Gonzalo weeps; can Prospero feel pity? (5.1.11-20) #StormTossed

ARIEL                                                             The King,

His brother and yours abide all three distracted,

And the remainder mourning over them,

Brimful of sorrow and dismay, but chiefly

Him that you termed, sir, the good old Lord Gonzalo.

His tears run down his beard like winter’s drops

From eaves of reeds. Your charm so strongly works ’em

That if you now beheld them, your affections

Would become tender.

PROSPERO                                                     Dost thou think so, spirit?

ARIEL            Mine would, sir, were I human.

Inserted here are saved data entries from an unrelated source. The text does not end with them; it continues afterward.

Lemma transl_conj x s : (transl x ^ wperm 0 s)%g = transl [ffun j => x ((s^-1)%g j)].
Proof.
rewrite conjgE wperm0V /transl !wpermM mul1g mulVg.
by congr wperm; apply/ffunP => j; rewrite !ffunE !addr0 add0r.
Qed.

Lemma linpermM M N : \det M != 0 -> \det N != 0 ->
  (linperm N * linperm M)%g = linperm (M *m N).
Proof.
move=> hM hN; rewrite /linperm wpermM mobius_permM //; congr wperm.
by apply/ffunP => j; rewrite !ffunE addr0.
Qed.

Lemma linperm1 : linperm 1%:M = 1%g.
Proof. by rewrite /linperm mobius_perm1 wperm01. Qed.

Lemma linperm_Gp M : \det M = 1 -> linperm M \in Gp p.
Proof. by move=> hM; rewrite wperm_Gp ?mobius_perm_Hp // big1 // => i; rewrite ffunE. Qed.

End Wreath.

Section SL2Generation.
Variable p : nat.
Hypothesis two_neq0 : (2 : 'F_p) != 0.
Variable P : pred 'M['F_p]_2.
Hypothesis P_1 : P 1%:M.
Hypothesis P_mul : forall M N, \det M = 1 -> \det N = 1 -> P M -> P N -> P (M *m N).
Hypothesis P_elem12_2 : P (elem12 2).
Hypothesis P_conj21_elem12_2 : P (conj21 2 (elem12 2)).

Lemma P_one_param (u : 'F_p -> 'M['F_p]_2) :
  u 0 = 1%:M -> (forall a b : 'F_p, u (a + b) = u a *m u b) -> (forall a, \det (u a) = 1) ->
  P (u 2) -> forall t, P (u t).
Proof.
move=> u0 uD det_u Pu2 t.
have Pu2n n : P (u (2 * n%:R)).
  elim: n => [|n IH]; first by rewrite mulr0 u0.
  by rewrite -[n.+1]addn1 natrD mulrDr mulr1 uD P_mul.
by rewrite -[t](divfK two_neq0) mulrC -[t / 2]natr_Zp.
Qed.

Lemma P_elem12 (t : 'F_p) : P (elem12 t).
Proof.
apply: P_one_param => //; [exact: elem12_0 | by move=> a b; rewrite elem12D | exact: det_elem12].
Qed.

Lemma P_conj21_elem12 (t : 'F_p) : P (conj21 2 (elem12 t)).
Proof.
apply: (P_one_param (u := fun t => conj21 2 (elem12 t))) => //.
- by rewrite elem12_0 conj21_1.
- by move=> a b; rewrite -conj21M elem12D.
- by move=> a; rewrite det_conj21 det_elem12.
Qed.

Lemma P_elem21 (t : 'F_p) : P (elem21 t).
Proof.
rewrite (elem21_conj two_neq0).
apply: P_mul; rewrite ?det_mulmx ?det_elem12 ?det_elem21 ?mul1r ?mulr1 ?P_elem12 //.
by apply: P_mul; rewrite ?det_conj21 ?det_elem12 ?P_elem12 ?P_conj21_elem12.
Qed.

Lemma P_SL2 M : \det M = 1 -> P M.
Proof.
have P_lower_neq0 (N : 'M['F_p]_2) : N 1 0 != 0 -> \det N = 1 -> P N.
  move=> hc hN; rewrite (SL2_decomp hc hN).
  apply: P_mul; rewrite ?det_mulmx ?det_elem21 ?det_elem12 ?mulr1 ?P_elem12 //.
  by apply: P_mul; rewrite ?det_elem21 ?det_elem12 ?P_elem12 ?P_elem21.
move=> hM; have [c0|c0] := eqVneq (M 1 0) 0; last exact: P_lower_neq0.
have -> : M = elem21 (-1) *m (elem21 1 *m M) by rewrite mulmxA elem21D addNr elem21_0 mul1mx.
have hdet : \det (elem21 1 *m M) = 1 by rewrite det_mulmx det_elem21 mul1r.
rewrite P_mul ?det_elem21 ?P_elem21 // P_lower_neq0 //.
move: hM; rewrite [X in \det X]mx22E det_mx22 c0 mulr0 subr0 => hM.
rewrite /elem21 [X in _ *m X]mx22E mulmx22 !mxE /= c0 mul1r mulr0 addr0.
by apply/eqP => h0; move: hM; rewrite h0 mul0r => /eqP; rewrite eq_sym oner_eq0.
Qed.

End SL2Generation.

Lemma map_mx22 (R S : comNzRingType) (f : {rmorphism R -> S}) a b c d :
  map_mx f (mx22 a b c d) = mx22 (f a) (f b) (f c) (f d).
Proof. by apply/matrixP => i j; rewrite !mxE; case: ifP; case: ifP. Qed.

Section Words.
Variables (R : comNzRingType) (k : nat).

Definition letter_mx (x : letter k) : 'M[R]_2 :=
  conj21 (2 * x.1%:R) (elem12 (if x.2 then -2 else 2)).

Definition word_mx (w : seq (letter k)) : 'M[R]_2 :=
  foldr (fun x M => M *m letter_mx x) 1%:M w.

Lemma word_mx_cons x w : word_mx (x :: w) = word_mx w *m letter_mx x.
Proof. by []. Qed.

Lemma det_letter_mx x : \det (letter_mx x) = 1.
Proof. by rewrite det_conj21 det_elem12. Qed.

Lemma letter_mxV (j : 'I_k) : letter_mx (j, true) *m letter_mx (j, false) = 1%:M.
Proof. by rewrite -conj21M elem12D addNr elem12_0 conj21_1. Qed.

End Words.

Lemma map_word_mx (R S : comNzRingType) (f : {rmorphism R -> S}) k (w : seq (letter k)) :
  map_mx f (word_mx R w) = word_mx S w.
Proof.
elim: w => [|x w IH]; first by rewrite map_scalar_mx rmorph1.
rewrite !word_mx_cons map_mxM IH /letter_mx /conj21 /elem12 /elem21 !map_mxM !map_mx22.
by case: x.2; rewrite !rmorph0 !rmorph1 !rmorphN ?rmorphM !rmorph_nat.
Qed.

Section PingPong.
Variable k : nat.
Implicit Types (a b : int) (A : 'M[int]_2) (x y : letter k) (w : seq (letter k)).

Definition cone (e : bool) a b := (`|b| < `|a|) && (if e then a * b <= 0 else 0 <= a * b).
Definition ycone a b := `|a| < `|b|.

Lemma cone_shear e a b : ycone a b || cone e a b -> cone e (a + (if e then -2 else 2) * b) b.
Proof. by rewrite /ycone /cone; case: e => /orP [h|/andP [h1 h2]]; apply/andP; split; nia. Qed.

Lemma ycone_shear d a b : d != 0 -> `|b| < `|a| -> ycone a (2 * d * a + b).
Proof. by rewrite /ycone -normr_gt0 => hd h; nia. Qed.

Definition cone_at x A :=
  let V := elem21 (- (2 * x.1%:R)) *m A in cone x.2 (V 0 1) (V 1 1).

Lemma cone_at_letter x y A :
  ~~ ((x.1 == y.1) && (x.2 != y.2)) -> cone_at x A -> cone_at y (letter_mx int y *m A).
Proof.
rewrite /cone_at /letter_mx (conj21_shift (2 * x.1%:R)) -mulrBr.
move: (elem21 _ *m A) => V hxy hV.
rewrite /elem12 /elem21 [V]mx22E !mulmx22 !mxE /= !mul1r !mul0r ?add0r ?addr0.
apply: cone_shear; have [exy|nxy] := eqVneq x.1 y.1.
- move: hxy; rewrite exy subrr mulr0 mul0r add0r eqxx /= negbK => /eqP <-.
  by rewrite hV orbT.
- apply/orP; left; apply: ycone_shear; last by case/andP: hV.
  by rewrite subr_eq0 eqr_nat; apply: contra nxy => /eqP /val_inj ->.
Qed.

Lemma cone_at_word x w A :
  reduced (x :: w) -> cone_at x A -> cone_at (last x w) (word_mx int w *m A).
Proof.
elim: w x A => [|y w IH] x A /=; first by rewrite mul1mx.
move=> /andP [hxy hred] hA; rewrite -mulmxA.
exact: IH hred (cone_at_letter hxy hA).
Qed.

Lemma word_mx01_neq0 w : reduced w -> w != [::] -> word_mx int w 0 1 != 0.
Proof.
case: w => [|x w] // hred _.
have hx : cone_at x (letter_mx int x *m 1%:M).
  rewrite /cone_at /letter_mx (conj21_shift (2 * x.1%:R)) subrr.
  by rewrite /elem12 /elem21 -mx22_1 !mulmx22 !mxE /= /cone; case: x.2 => /=; lia.
have := cone_at_word hred hx; rewrite -mulmxA mulmx1 -word_mx_cons /cone_at.
move: (last x w) (word_mx int (x :: w)) => y W /andP [+ _]; apply: contraTneq.
rewrite /elem21 [W]mx22E mulmx22 !mxE /= => ->.
by rewrite !mulr0 !mul0r !addr0 normr0 ltNge normr_ge0.
Qed.

End PingPong.

Section Representation.
Variables (p k : nat).
Implicit Types (x : {ffun P1 p -> 'F_3}) (i j : P1 p).

Definition delta i : {ffun P1 p -> 'F_3} := [ffun l => (l == i)%:R].
Definition ddelta i j := delta i - delta j.

Definition rho (l : 'I_k) : {perm P1 p * 'F_3} :=
  wperm (if l == 2 :> nat then ddelta (Some 0) None else 0)
        (mobius_perm (letter_mx 'F_p (l, false))).

Lemma sum_delta i : \sum_l delta i l = 1.
Proof.
rewrite (bigD1 i) //= ffunE eqxx big1 ?addr0 // => l hl.
by rewrite ffunE (negbTE hl).
Qed.

Lemma sum_ddelta i j : \sum_l ddelta i j l = 0.
Proof.
rewrite (eq_bigr (fun l => delta i l - delta j l)) => [|l _]; last by rewrite !ffunE.
by rewrite sumrB !sum_delta subrr.
Qed.

Lemma ddelta_perm (s : {perm P1 p}) i j :
  [ffun l => ddelta i j ((s^-1)%g l)] = ddelta (s i) (s j).
Proof. by apply/ffunP => l; rewrite !ffunE -!(canF_eq (permKV s)). Qed.

Lemma sum0_ddelta x : \sum_l x l = 0 -> x = \sum_l ddelta l None *+ x l.
Proof.
move=> hx; apply/ffunP => j; rewrite sum_ffunE.
rewrite (eq_bigr (fun l : P1 p => (j == l)%:R * x l - (j == None)%:R * x l)) => [|l _]; last first.
  by rewrite ffunMnE !ffunE -[_ *+ (x l : nat)]mulr_natr natr_Zp mulrBl.
rewrite sumrB -mulr_sumr hx mulr0 subr0 (bigD1 j) //= eqxx mul1r big1 ?addr0 // => l hl.
by rewrite eq_sym (negbTE hl) mul0r.
Qed.

Lemma rho_Gp l : rho l \in Gp p.
Proof.
apply: wperm_Gp; first exact/mobius_perm_Hp/det_letter_mx.
by case: ifP => _; rewrite ?sum_ddelta // big1 // => i _; rewrite ffunE.
Qed.

Lemma rho_fst l ic : (rho l ic).1 = mobius (letter_mx 'F_p (l, false)) ic.1.
Proof. by rewrite wpermE mobius_permE // det_letter_mx oner_eq0. Qed.

End Representation.

Section Generation.
Variables (p k : nat).
Hypothesis two_neq0 : (2 : 'F_p) != 0.
Hypothesis k_ge3 : (3 <= k)%N.

Let K := <<[set rho p l | l : 'I_k]>>%G.

Lemma rho_K (l : 'I_k) : rho p l \in K.
Proof. exact/mem_gen/imset_f. Qed.

Let l0 : 'I_k := Ordinal (leq_trans (isT : 0 < 3)%N k_ge3).
Let l1 : 'I_k := Ordinal (leq_trans (isT : 1 < 3)%N k_ge3).
Let l2 : 'I_k := Ordinal (leq_trans (isT : 2 < 3)%N k_ge3).

Lemma linperm_K (M : 'M['F_p]_2) : \det M = 1 -> linperm M \in K.
Proof.
apply: (@P_SL2 p two_neq0 [pred M | linperm M \in K]); rewrite /= ?linperm1 ?group1 //.
- move=> A B hA hB KA KB; rewrite -linpermM ?hA ?hB ?oner_eq0 //.
  exact: groupM.
- by have := rho_K l0; rewrite /rho /letter_mx /= mulr0 conj21_0.
- by have := rho_K l1; rewrite /rho /letter_mx /= mulr1.
Qed.

Lemma transl_ddelta0_K : transl (ddelta (Some 0) None) \in K.
Proof.
have := rho_K l2; rewrite /rho /= wperm_split => hK.
rewrite -(mulKg (linperm (letter_mx 'F_p (l2, false))) (transl _)).
by rewrite groupM ?groupV ?linperm_K ?det_letter_mx.
Qed.

Lemma transl_ddelta_K (i j : P1 p) : transl (ddelta i j) \in K.
Proof.
have [->|hij] := eqVneq i j; first by rewrite /ddelta subrr transl0 group1.
have [M [hM <- <-]] := mobius_two_trans hij.
rewrite -!mobius_permE ?hM ?oner_eq0 // -ddelta_perm -transl_conj.
by rewrite groupJ ?transl_ddelta0_K ?linperm_K.
Qed.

PROSPERO                                                     And mine shall.          (5.1.11-20)

 

Ariel’s description is vivid and disturbing. The King and the courtiers may well be confined in the line grove, but they are not motionless, frozen as statues in their imprisonment. Rather, Alonso, Antonio, and Sebastian are all three distracted, maddened, out of their wits, while their courtiers (the luckless, near-lineless Adrian and Francisco) can only watch, brimful of sorrow and dismay, perhaps even brought to tears (or almost; their eyes not quite running over yet?) by their distress, and their own wretchedness. Gonzalo certainly weeps: it’s a nice touch that he’s the only one named here, as if Ariel is aware how painful it is for Prospero to hear his brother named; here Antonio is only implicitly identified as Prospero’s brother, too, folded into the syntax (the King, his brother and yours). Gonzalo is the good old Lord, and he weeps so uncontrollably at witnessing this scene that his tears run off his beard as winter rain runs off a thatched roof. (A knowing glance up to the open roof of the Globe, perhaps, where the only place wetter than the middle of the yard in the rain is under the run-off from the roof once it’s really been soaked. This is the voice of bitter experience.) And even Ariel is moved – perhaps. They are so entirely under your spell, they say, that if you saw them, even you would be moved to pity. You think so, do you, spirit? And a wonderful, mysterious response: Yes, I would be moved, sirwere I human… Prospero cannot bear to be out-humaned by a non-human, to have his capacity for mercy, for magnanimity, for feeling called into question by one who cannot even feel (or so they say). I too shall be moved, he says.